Провожая дневной свет и встречая ночную тьму, ей хотелось одного: поскорее заснуть, поскорее забыться. Она была не в силах переносить долее треволнения сегодняшнего дня – они задавили ее своей тяжестью, опустошили. Все тягостные заботы и раздумья слились в какую-то одну чашу, вылитую, словно из железа. И эту чашу ей предстояло выпить либо сразу, что грозило ей преждевременной кончиной, либо по частям. Она знала это. И предпочла второе. Сейчас она только взвалила на себя эту чашу с неведомым содержимым, а вот пить из нее доведется ей еще не одну неделю или месяц. Но это дела будущих дней. Когда же завершится этот? Кажется, он тянется целую вечность с его камерами, где люди с глазами замученных животных протягивают к ней руки и умоляют освободить их – и тогда в благодарность за свое спасение они приведут ее к Квинту.
Тяжелая усталость навалилась на каждую частичку ее натруженного тела и измученной души, давя любые попытки снова пробиться к жизни. Она не заметила, как вся онемела и провалилась в страшное забытье, где ее до полночи преследовал получеловек-полудемон с красными перьями, обвитый дюжиной шипящих и бросающихся на нее змей, непрестанно при этом усмехаясь и указывая ей на дорогу; клетки хлопали железными прутьями, рвались на части, и из них все вываливались и вываливались десятки, сотни разлагающихся и молящих об освобождении тел полумертвых людей, а между ними спокойно шагал начальник с факелом в руках, звал каждого по имени и приглашал к себе на трапезу. А потом все застлала какая-то пелена из сплошного света, и Аврора потонула в ней до самого утра…

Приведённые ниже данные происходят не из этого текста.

Theorem lemma12 (R : realType) (beta r : R)
  (alpha : R -> R -> R) (delta : nat -> R)
  (G : forall n : nat, 'I_n -> probability R R)
  (d : measure_display) (T : nat -> measurableType d)
  (P : forall n : nat, probability (T n) R)
  (I : forall n : nat, T n -> {set 'I_n})
  (Q0 W : forall n : nat, 'I_n -> T n -> R)
  (t1 : R) :
  (* parameters *)
  1 / 2 < beta < 1 -> 0 < r ->
  (* the laws G_{n,i}: probabilities on (0,1) with G(t) >= t *)
  (forall n (i : 'I_n), G n i [set` `]0, 1[] = 1%E) ->
  (forall n (i : 'I_n) (t : R), 0 < t < 1 -> t <= cdfG (G n i) t) ->
  (* properties of alpha *)
  {within [set p : R * R | 0 <= p.1 <= 1 /\ 0 < p.2],
     continuous (fun p : R * R => alpha p.1 p.2)} ->
  (forall q r', 0 <= q <= 1 -> 0 < r' -> 0 <= alpha q r') ->
  (forall q q' r', 0 <= q <= 1 -> 0 <= q' <= 1 -> 0 < r' -> q <= q' ->
     alpha q r' <= alpha q' r') ->
  (forall q r' r'', 0 <= q <= 1 -> 0 < r' -> 0 < r'' -> r' <= r'' ->
     alpha q r'' <= alpha q r') ->
  (* tail condition (T) *)
  delta @ \oo --> 0 ->
  tail_condition G alpha r delta ->
  (* max_{q in (0,1]} ((1+q)/2 - alpha(q,r) - beta) < 0 *)
  (exists eta : R, 0 < eta /\
     forall q : R, 0 < q <= 1 -> (1 + q) / 2 - alpha q r - beta <= - eta) ->
  (* coupling, for every n >= 1 *)
  (forall n (k : 'I_n + 'I_n + 'I_n),
     measurable_fun setT (coupling_family (I n) (Q0 n) (W n) k)) ->
  (forall n, (0 < n)%N ->
     mutually_independent (P n) (coupling_family (I n) (Q0 n) (W n))) ->
  (forall n (i : 'I_n), (0 < n)%N ->
     P n [set w | i \in I n w] = ((n%:R : R) `^ (- beta))%:E) ->
  (forall n (i : 'I_n) (A : set R), (0 < n)%N -> measurable A ->
     P n (Q0 n i @^-1` A) = lebesgue_measure (A `&` [set` `]0, 1[])) ->
  (forall n (i : 'I_n) (A : set R), (0 < n)%N -> measurable A ->
     P n (W n i @^-1` A) = G n i A) ->
  0 < t1 < 1 / 2 ->
  forall eps : R, 0 < eps ->
  exists n0 : nat, forall n : nat, (n0 <= n)%N -> (0 < n)%N ->
    forall t : R, (n%:R)^-1 < t < t1 ->
      Num.sqrt n%:R *
        `| fine ('E_(P n)[Ftilde (I n) (Q1 (I n) (Q0 n) (W n)) t])
         - fine ('E_(P n)[Ftilde (I n) (Q0 n) t]) | * wt t <= eps.
Proof.
move=> /andP[half_lt_beta _] _ _ G_ge_id _ _ _ _ delta0 tail [eta [eta0 eta_gap]]
  mX indep PI PQ0 PW /andP[_ t1_small] eps eps0.
pose c := Num.min eta (beta - 1 / 2).
have c0 : 0 < c by rewrite /c lt_min eta0 subr_gt0.
have [ce cb] : c <= eta /\ c <= beta - 1 / 2 by apply/andP; rewrite -le_min.
have c4 : 0 < c / 4 by rewrite divr_gt0.
have /cvgr0_norm_le/(_ _ c4) [N1 _ delta_small] := delta0.
have [N2 decay_small] := expR_neg_ln_small c4 (divr_gt0 eps0 (ltr0n R 2)).
exists (maxn (maxn N1 N2) 2) => n; rewrite !geq_max => /andP[/andP[nN1 nN2] n2] n0.
move=> t /andP[tn tt1].
have t_small : t < 1 / 2 by exact: lt_trans tt1 t1_small.
have t0 : 0 < t by apply: lt_trans tn; rewrite invr_gt0 ltr0n.
have t01 : 0 < t < 1 by rewrite t0 (lt_trans t_small) //; lra.
rewrite (coupling_mean_difference t01 (mX n) (indep n n0) (fun i => PI n i n0)
  (fun i A => PQ0 n i A n0) (fun i A => PW n i A n0)).
apply: average_bound => //; [exact: wt_ge0 | move=> i |].
  by rewrite mulr_ge0 ?powR_ge0 // subr_ge0 G_ge_id.
move=> i; apply: le_trans (_ : 2 * expR (- (c / 4) * ln n%:R) <= _); last first.
  by have := decay_small n nN2; lra.
apply: (term_bound (G := G n i) (eta := eta) (a := alpha^~ r) (dl := delta n)) => //.
- exact: le_trans (ler_norm _) (delta_small n nN1).
- by rewrite tn.
- by rewrite subr_ge0 G_ge_id.
- by rewrite lerBlDr lerDl ltW.
- by move=> q q01; exact: tail.
Qed.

На следующий день Аврора возлагала большие надежды. Она знала, что настойчивость и упорство всегда вознаграждаются – фортуна вознаградит за все. С утра удалось свидеться с Сервием, но она разочаровалась этой встречей: Сервий сказал ей лишь то, что человек, приходивший вчера обладает гораздо большей властью и деньгами, и тут он бессилен что-либо изменить, так что ей придется действовать в одиночку. Аврору хоть и смутил такой ответ, но решимости не убавил, и миновали считанные часы, как она ударяла огромное железное кольцо о ворота тюрьмы. Разнесшийся гул вспугнул сидевшую на скалах стаю черного воронья. Их проклятья еще долго затихали в сизых тучах поднебесья. Такое начало ничего доброго не предвещало.
Так и случилось: ей пришлось долго потоптаться по липкому снегу, пока какой-то страж не отворил ворота, но на просьбу увидеть начальника тюрьмы ответил отказом, примолвив при этом, что тот уехал далеко, но, если надо повидать кого, то и он может помочь в этом деле. Девушка обрадовалась неожиданному повороту событий и попросила ее свести к Лутацию, заключенному сюда на днях. Страж на эти слова никак не отозвался, как-то странно смотря на нее. Аврора быстро смекнула, в чем задержка, и сунула ему в руку золотой. Его лицо просияло от радости, и добрым тоном он сказал, что приведет его наверх на прогулку, а она пока может побродить по этому чудному двору. Аврора юркнула вовнутрь, сказав, что тот получит еще золотой, когда приведет Лутация, и запоры за ней с шумом захлопнулись.